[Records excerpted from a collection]
= = = = =

Lemma mwt_addw w1 w2 m : mwt (fun i => w1 i + w2 i)%N m = (mwt w1 m + mwt w2 m)%N.
Proof. by rewrite /mwt -big_split; apply: eq_bigr => i _; rewrite mulnDr. Qed.

Lemma mwt_scalew c w m : mwt (fun i => c * w i)%N m = (c * mwt w m)%N.
Proof. by rewrite /mwt big_distrr; apply: eq_bigr => i _; rewrite mulnCA. Qed.

Lemma mwt_eqw w1 w2 m : (forall i : 'I_n.+1, w1 i = w2 i) -> mwt w1 m = mwt w2 m.
Proof. by move=> h; apply: eq_bigr => i _; rewrite h. Qed.

Lemma mwt_lew w1 w2 m : (forall i : 'I_n.+1, w1 i <= w2 i)%N -> (mwt w1 m <= mwt w2 m)%N.
Proof. by move=> h; apply: leq_sum => i _; rewrite leq_mul2l h orbT. Qed.

Definition wdelta (j : nat) (i : nat) : nat := (i == j)%N.

Lemma mwt_delta (j : 'I_n.+1) m : mwt (wdelta j) m = m j.
Proof.
rewrite /mwt (bigD1 j) //= /wdelta eqxx muln1 big1 ?addn0 // => i hi.
by rewrite val_eqE (negbTE hi) muln0.
Qed.

Definition tdeg m : nat := mwt (wdelta 0) m.
Definition xdeg m : nat := mwt w3 m.
Definition xwt m : nat := mwt id m.

Lemma tdegE m : tdeg m = m ord0.
Proof. exact: (mwt_delta ord0). Qed.

Lemma mwt_w1 m : mwt w1 m = (tdeg m + xdeg m)%N.
Proof. by rewrite -mwt_addw; apply: mwt_eqw => -[[|i] hi]. Qed.

Lemma mwt_w2 m :
  (mwt (w2 n) m + xwt m = (n - 2) * tdeg m + (2 * n - 1) * xdeg m)%N.
Proof.
rewrite -mwt_addw -!mwt_scalew -mwt_addw.
by apply: mwt_eqw => -[[|i] hi]; rewrite /w2 /wdelta /w3 /=; lia.
Qed.

(* Each x_j has weight between 1 and n. *)
Lemma xdeg_le_xwt m : (xdeg m <= xwt m)%N.
Proof. by apply: mwt_lew => -[[|i] hi] //. Qed.

Lemma xwt_le m : (xwt m <= n * xdeg m)%N.
Proof. by rewrite /xdeg -mwt_scalew; apply: mwt_lew => -[[|i] hi] /=; rewrite /w3 /=; lia. Qed.

(* Sharper forms: an x_j with j < n, resp. an x_j with j > 1, loses weight. *)
Lemma xwt_add_le m (j : 'I_n.+1) : (0 < j < n)%N -> (xwt m + m j <= n * xdeg m)%N.
Proof.
move=> hj; rewrite -mwt_delta -mwt_addw /xdeg -mwt_scalew.
by apply: mwt_lew => -[[|i] hi]; rewrite /w3 /wdelta /=; case: j hj => j ? /=; lia.
Qed.

Lemma xdeg2_le m : (1 < n)%N -> (2 * xdeg m <= xwt m + m (inord 1))%N.
Proof.
move=> hn; rewrite -mwt_delta -mwt_addw /xdeg -mwt_scalew.
by apply: mwt_lew => -[[|i] hi]; rewrite /w3 /wdelta /= inordK //=; lia.
Qed.

Lemma mon_t_xE a j b : (0 < j <= n)%N ->
  mon_t_x n a j b = (U_(ord0) *+ a + U_(inord j) *+ b)%MM.
Proof.
move=> hj; apply/mnmP => i; rewrite mnmE mnmDE !mulmnE !mnm1E -!val_eqE /= inordK; last lia.
by case: i => [[|i] hi] /=; [|rewrite eq_sym; case: eqP]; lia.
Qed.

Lemma mwt_mon w a j b : (0 < j <= n)%N ->
  mwt w (mon_t_x n a j b) = (w 0 * a + w j * b)%N.
Proof. by move=> hj; rewrite mon_t_xE // mwtD !mwtMn !mwtU /= inordK //; lia. Qed.

Lemma mon_tn_eq m : (0 < n)%N -> (forall j : 'I_n.+1, (0 < j < n)%N -> m j = 0%N) ->
  m = mon_t_x n (tdeg m) n (xdeg m).
Proof.
move=> n0 hz; have xdegE : xdeg m = m ord_max.
  rewrite -mwt_delta; apply: eq_bigr => -[[|i] hi] _; rewrite /w3 /wdelta /=.
    by rewrite eq_sym gtn_eqF.
  case: (ltnP i.+1 n) => hin; first by rewrite (hz (Ordinal hi)) ?mul0n.
  by have -> : (i.+1 == n) by lia.
apply/mnmP => -[[|i] hi]; rewrite mnmE /= ?tdegE; first by congr (m _); apply: val_inj.
case: ifP => [/eqP ein|nin]; first by rewrite xdegE; congr (m _); apply: val_inj.
by rewrite (hz (Ordinal hi)) //=; move/negbT: nin; lia.
Qed.

Lemma lower_var_exists m : (xwt m < n * xdeg m)%N ->
  exists2 j : 'I_n.+1, (0 < j < n)%N & (0 < m j)%N.
Proof.
move=> hlt; case: (pickP (fun j : 'I_n.+1 => (0 < j < n)%N && (0 < m j)%N)).
  by move=> j /andP [hj hmj]; exists j.
move=> hnone; have n0 : (0 < n)%N by move: hlt; rewrite lt0n; apply: contraTneq => ->.
have hz (j : 'I_n.+1) : (0 < j < n)%N -> m j = 0%N.
  by move=> hj; move: (hnone j); rewrite hj /= lt0n => /negbFE /eqP.
suff : xwt m = (n * xdeg m)%N by lia.
rewrite {1 2}(mon_tn_eq n0 hz) /xwt /xdeg !mwt_mon ?n0 ?leqnn //.
by rewrite /w3 /= (negbTE (lt0n_neq0 n0)); lia.
Qed.

(* m' arises from m by i moves x_j -> x_(j+1), each also multiplying by t^l. *)
Definition shifted (l i : nat) m m' : Prop :=
  [/\ tdeg m' = (tdeg m + i * l)%N, xdeg m' = xdeg m & xwt m' = (xwt m + i)%N].

Lemma shifted0 l m : shifted l 0 m m.
Proof. by split; rewrite ?addn0. Qed.

Lemma shiftedS l i m1 m2 m3 :
  shifted l i m1 m2 -> shifted l 1 m2 m3 -> shifted l i.+1 m1 m3.
Proof. by case=> e1 e2 e3 [f1 f2 f3]; split; rewrite ?f1 ?f2 ?f3 ?e1 ?e2 ?e3; lia. Qed.

Lemma move_shifted l m (j : 'I_n.+1) : (0 < j < n)%N ->
  shifted l 1 (m + U_(j))%MM (m + U_(inord j.+1) + U_(ord0) *+ l)%MM.
Proof.
move=> hj; rewrite /shifted /tdeg /xdeg /xwt !mwtD !mwtMn !mwtU /= inordK; last lia.
by rewrite /wdelta /w3 /=; case: j hj => -[|j] ? //= _; split; lia.
Qed.
End MonomialStatistics.

(* The numerical core: a monomial with statistics (T, S, W) satisfying the bounds of
   Q_(a,b), moved i times to a monomial of x-weight W + i <= n S. *)
Section ExponentArithmetic.
Local Open Scope nat_scope.
Variables (n l a b T S W i : nat).
Hypotheses (hn : 3 <= n) (hl : 1 <= l) (hTa : T <= a) (hSb : S <= b)
  (hSW : S <= W) (hWi : W + i <= n * S).

Lemma steps_le : i <= (n - 1) * S.
Proof.
have [n' en] : exists n', n = n'.+1 by exists n.-1; lia.
by move: hWi; rewrite en mulSn subn1 /=; lia.
Qed.

Lemma steps_mull_le : i * l <= (n - 1) * l * b.
Proof.
rewrite mulnAC; apply: leq_mul => //; apply: leq_trans steps_le _.
by rewrite leq_mul2l hSb orbT.
Qed.

Lemma tdeg_shift_le : T + i * l <= a + (n - 1) * l * b.
Proof. by apply: leq_add => //; apply: steps_mull_le. Qed.

Lemma tdeg_shift_eq : T + i * l = a + (n - 1) * l * b ->
  [/\ i = (n - 1) * b, T = a, S = b & W = b].
Proof.
move=> e; have hil := steps_mull_le.
have eil : i * l = (n - 1) * b * l by rewrite mulnAC; lia.
have ei : i = (n - 1) * b by apply/eqP; rewrite -(eqn_pmul2r hl) eil.
have eS : S = b.
  apply/eqP; rewrite eqn_leq hSb /= -(@leq_pmul2l (n - 1)); first lia.
  by rewrite subn_gt0; apply: leq_trans hn.
split => //; first lia.
have [n' en] : exists n', n = n'.+1 by exists n.-1; lia.
by move: hWi; rewrite ei eS en mulSn subn1 /=; lia.
Qed.

Lemma w2_shift_le d2 : d2 + (W + i) = (n - 2) * (T + i * l) + (2 * n - 1) * S ->
  d2 <= (n - 2) * (a + (n - 1) * l * b) + (n - 1) * b.
Proof.
move=> e; have hi := steps_le; have [c en] : exists c, n = c.+2 by exists (n - 2); lia.
have e2 : n - 2 = c by lia.
have e1 : n - 1 = c.+1 by lia.
have e3 : 2 * n - 1 = 2 * c + 3 by lia.
rewrite e2 e1 e3 in e hi *.
have [d ecl] : exists d, c * l = d.+1 by exists (c * l).-1; rewrite prednK // muln_gt0; lia.
have hd : i * d <= c.+1 * b * d.
  by apply: leq_mul => //; apply: leq_trans hi _; rewrite leq_mul2l hSb orbT.
have hTc : c * T <= c * a by rewrite leq_mul2l hTa orbT.
have hSc : c.+1 * S <= c.+1 * b by rewrite leq_mul2l hSb orbT.
have eL : c * (T + i * l) = c * T + i * (c * l) by lia.
have eR : c * (a + c.+1 * l * b) = c * a + c.+1 * b * (c * l) by lia.
rewrite eL ecl in e; rewrite eR ecl; lia.
Qed.
End ExponentArithmetic.

Section TlDSupport.
Variables (k : fieldType) (n : nat).
Local Notation M := ('X_{1..n.+1}).
Local Notation P := {mpoly k[n.+1]}.
Implicit Types (q : P) (m : M).

Lemma mcoeffXM (u : M) q m :
  ('X_[u] * q)@_m = if (u <= m)%MM then q@_(m - u)%MM else 0.
Proof.
case: ifP => h; first by rewrite mulrC -[X in _@_X](submK h) addmC mcoeffMX.
apply/eqP; rewrite mcoeff_eq0 mulrC (perm_mem (msuppMX _ _)).
by apply/mapP => -[m' _ e]; move: h; rewrite e lem_addr.
Qed.

(* The contribution to the coefficient of m in D~ q of the term
   (n - j) x_(j+1) d/dx_j, which moves one x_j to x_(j+1). *)
Definition Dterm q m (j : 'I_n.+1) : k :=
  if (U_(inord j.+1) <= m)%MM
  then q@_(m - U_(inord j.+1) + U_(j))%MM *+ ((m - U_(inord j.+1))%MM j).+1 *+ (n - j)
  else 0.

Lemma Dtilde_coef q m : (Dtilde q)@_m = \sum_(j < n.+1 | (0 < j < n)%N) Dterm q m j.
Proof.
rewrite /Dtilde raddf_sum; apply: eq_bigr => j _.
rewrite -mulrA mulr_natl raddfMn /= mcoeffXM /Dterm; case: ifP => _; last by rewrite mul0rn.
by rewrite mcoeff_deriv.
Qed.

Lemma tlD_coef l q m : (tlD l q)@_m =
  if (U_(ord0) *+ l <= m)%MM then (Dtilde q)@_(m - U_(ord0) *+ l)%MM else 0.
Proof. by rewrite /tlD mpolyXn mcoeffXM. Qed.

Lemma Dtilde_linear c q1 q2 : Dtilde (c *: q1 + q2) = c *: Dtilde q1 + Dtilde q2.
Proof.
rewrite /Dtilde scaler_sumr -big_split; apply: eq_bigr => j _.
by rewrite linearP mulrDr scalerAr.
Qed.

Lemma iter_tlD_linear l i c q1 q2 :
  iter i (tlD l) (c *: q1 + q2) = c *: iter i (tlD l) q1 + iter i (tlD l) q2.
Proof. by elim: i => //= i ->; rewrite /tlD Dtilde_linear mulrDr scalerAr. Qed.

Lemma sum_neq0 (I : finType) (Pr : pred I) (f : I -> k) :
  \sum_(i | Pr i) f i != 0 -> exists2 i, Pr i & f i != 0.
Proof.
case: (pickP (fun i => Pr i && (f i != 0))) => [i /andP [] | hnone]; first by exists i.
by rewrite big1 ?eqxx // => i hi; move: (hnone i); rewrite hi => /negbFE /eqP.
Qed.

Lemma tlD_supp l q m : (tlD l q)@_m != 0 -> exists2 m0, q@_m0 != 0 & shifted l 1 m0 m.
Proof.
rewrite tlD_coef; case: ifP => hlm; last by rewrite eqxx.
rewrite Dtilde_coef => /sum_neq0 [j hj]; rewrite /Dterm; case: ifP => hjm; last by rewrite eqxx.
set mm := (m - U_(ord0) *+ l - U_(inord j.+1))%MM.
have -> : m = (mm + U_(inord j.+1) + U_(ord0) *+ l)%MM by rewrite /mm !submK.
move=> hq; exists (mm + U_(j))%MM; last exact: move_shifted.
by apply: contraNneq hq => ->; rewrite !mul0rn.
Qed.

Lemma iter_tlD_supp l i q m : (iter i (tlD l) q)@_m != 0 ->
  exists2 m0, q@_m0 != 0 & shifted l i m0 m.
Proof.
elim: i m => [|i IH] m /=; first by exists m => //; apply: shifted0.
by case/tlD_supp => m1 /IH [m0 hm0 h01] h1; exists m0 => //; apply: shiftedS h1.
Qed.

Lemma eps_t_coef l q m : (eps_t l q)@_m =
  \sum_(i < (msize q * n).+1) ((i`!%:R)^-1 * (iter i (tlD l) q)@_m).
Proof. by rewrite /eps_t raddf_sum; apply: eq_bigr => i _; rewrite /= mcoeffZ. Qed.

Lemma eps_t_supp l q m : (eps_t l q)@_m != 0 ->
  exists i, exists2 m0, q@_m0 != 0 & shifted l i m0 m.
Proof.
rewrite eps_t_coef => /sum_neq0 [i _]; rewrite mulf_eq0 negb_or => /andP [_].
by case/iter_tlD_supp => m0 hm0 hsh; exists i, m0.
Qed.
End TlDSupport.

Section Positivity.
Variables (k : fieldType) (n : nat).
Local Notation M := ('X_{1..n.+1}).
Local Notation P := {mpoly k[n.+1]}.
Implicit Types (q : P) (m : M).

Definition natk (x : k) : Prop := exists c : nat, x = c%:R.

Lemma natk_sum (I : finType) (Pr : pred I) (f : I -> k) :
  (forall i, Pr i -> natk (f i)) -> natk (\sum_(i | Pr i) f i).
Proof.
move=> h; apply: (big_ind natk) => //; first by exists 0%N.
by move=> _ _ [c1 ->] [c2 ->]; exists (c1 + c2)%N; rewrite natrD.
Qed.

Definition nat_coefs q : Prop := forall m, natk q@_m.
Definition pos_coef q m : Prop := exists2 c : nat, (0 < c)%N & q@_m = c%:R.

Lemma nat_coefs_X m0 : nat_coefs 'X_[m0].
Proof. by move=> m; rewrite mcoeffX; exists (m0 == m). Qed.

(* D~ has natural coefficients, so each contribution Dterm is natural. *)
Lemma natk_Dterm q m j : nat_coefs q -> natk (Dterm q m j).
Proof.
rewrite /Dterm => hq; case: ifP => _; last by exists 0%N.
by have [c ->] := hq (m - U_(inord j.+1) + U_(j))%MM; eexists; rewrite -!mulrnA.
Qed.

Lemma nat_coefs_iter l i q : nat_coefs q -> nat_coefs (iter i (tlD l) q).
Proof.
elim: i => //= i IH hq m; rewrite tlD_coef; case: ifP => _; last by exists 0%N.
by rewrite Dtilde_coef; apply: natk_sum => j _; apply/natk_Dterm/IH.
Qed.

(* A move from a positive coefficient lands on a positive coefficient: the other
   contributions to the coefficient formula are natural, so nothing cancels. *)
Lemma pos_coef_move l q m (j : 'I_n.+1) : nat_coefs q -> (0 < j < n)%N ->
  pos_coef q (m + U_(j))%MM ->
  pos_coef (tlD l q) (m + U_(inord j.+1) + U_(ord0) *+ l)%MM.
Proof.
move=> hq hj [c c0 ec]; rewrite /pos_coef tlD_coef lem_addl addmK Dtilde_coef (bigD1 j) //=.
have [d ->] : natk (\sum_(i < n.+1 | (0 < i < n)%N && (i != j))
                     Dterm q (m + U_(inord j.+1))%MM i).
  by apply: natk_sum => i _; apply: natk_Dterm.
rewrite {1}/Dterm lem_addl addmK ec.
exists (c * (m j).+1 * (n - j) + d)%N; last by rewrite natrD -!mulrnA mulnA.
by rewrite ltn_addr // !muln_gt0 c0 subn_gt0; case/andP: hj.
Qed.

(* From t^T x_1^S, any i <= (n - 1) S moves can be made with positive coefficient,
   pushing x-weight one step at a time while some x_j, j < n, is left. *)
Lemma pos_coef_chain l m0 i : xwt m0 = xdeg m0 -> (i <= (n - 1) * xdeg m0)%N ->
  exists2 m, shifted l i m0 m & pos_coef (iter i (tlD l) ('X_[m0] : P)) m.
Proof.
move=> hw0; elim: i => [|i IH] hi.
  by exists m0; [apply: shifted0 | exists 1%N; rewrite //= mcoeffX eqxx].
have [m hm hpos] := IH (ltnW hi); case: (hm) => _ eS eW.
have [j hj hmj] : exists2 j : 'I_n.+1, (0 < j < n)%N & (0 < m j)%N.
  have : (0 < (n - 1) * xdeg m0)%N by apply: leq_trans hi.
  rewrite muln_gt0 subn_gt0 => /andP [n1 _].
  have en : (n * xdeg m0 = (n - 1) * xdeg m0 + xdeg m0)%N.
    by rewrite -mulSnr subn1 prednK // ltnW.
  by apply: lower_var_exists; rewrite eW eS hw0 en; lia.
have em : m = (m - U_(j) + U_(j))%MM by rewrite submK // lep1mP -lt0n.
exists (m - U_(j) + U_(inord j.+1) + U_(ord0) *+ l)%MM.
  by apply: shiftedS hm _; rewrite {1}em; apply: move_shifted.
rewrite iterS; apply: pos_coef_move => //; first exact/nat_coefs_iter/nat_coefs_X.
by rewrite -em.
Qed.
End Positivity.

= = = = =

What to work on »
List every line above containing the word "mnmE".

Finished task »
move=> hj; apply/mnmP => i; rewrite mnmE mnmDE !mulmnE !mnm1E -!val_eqE /= inordK; last lia.
apply/mnmP => -[[|i] hi]; rewrite mnmE /= ?tdegE; first by congr (m _); apply: val_inj.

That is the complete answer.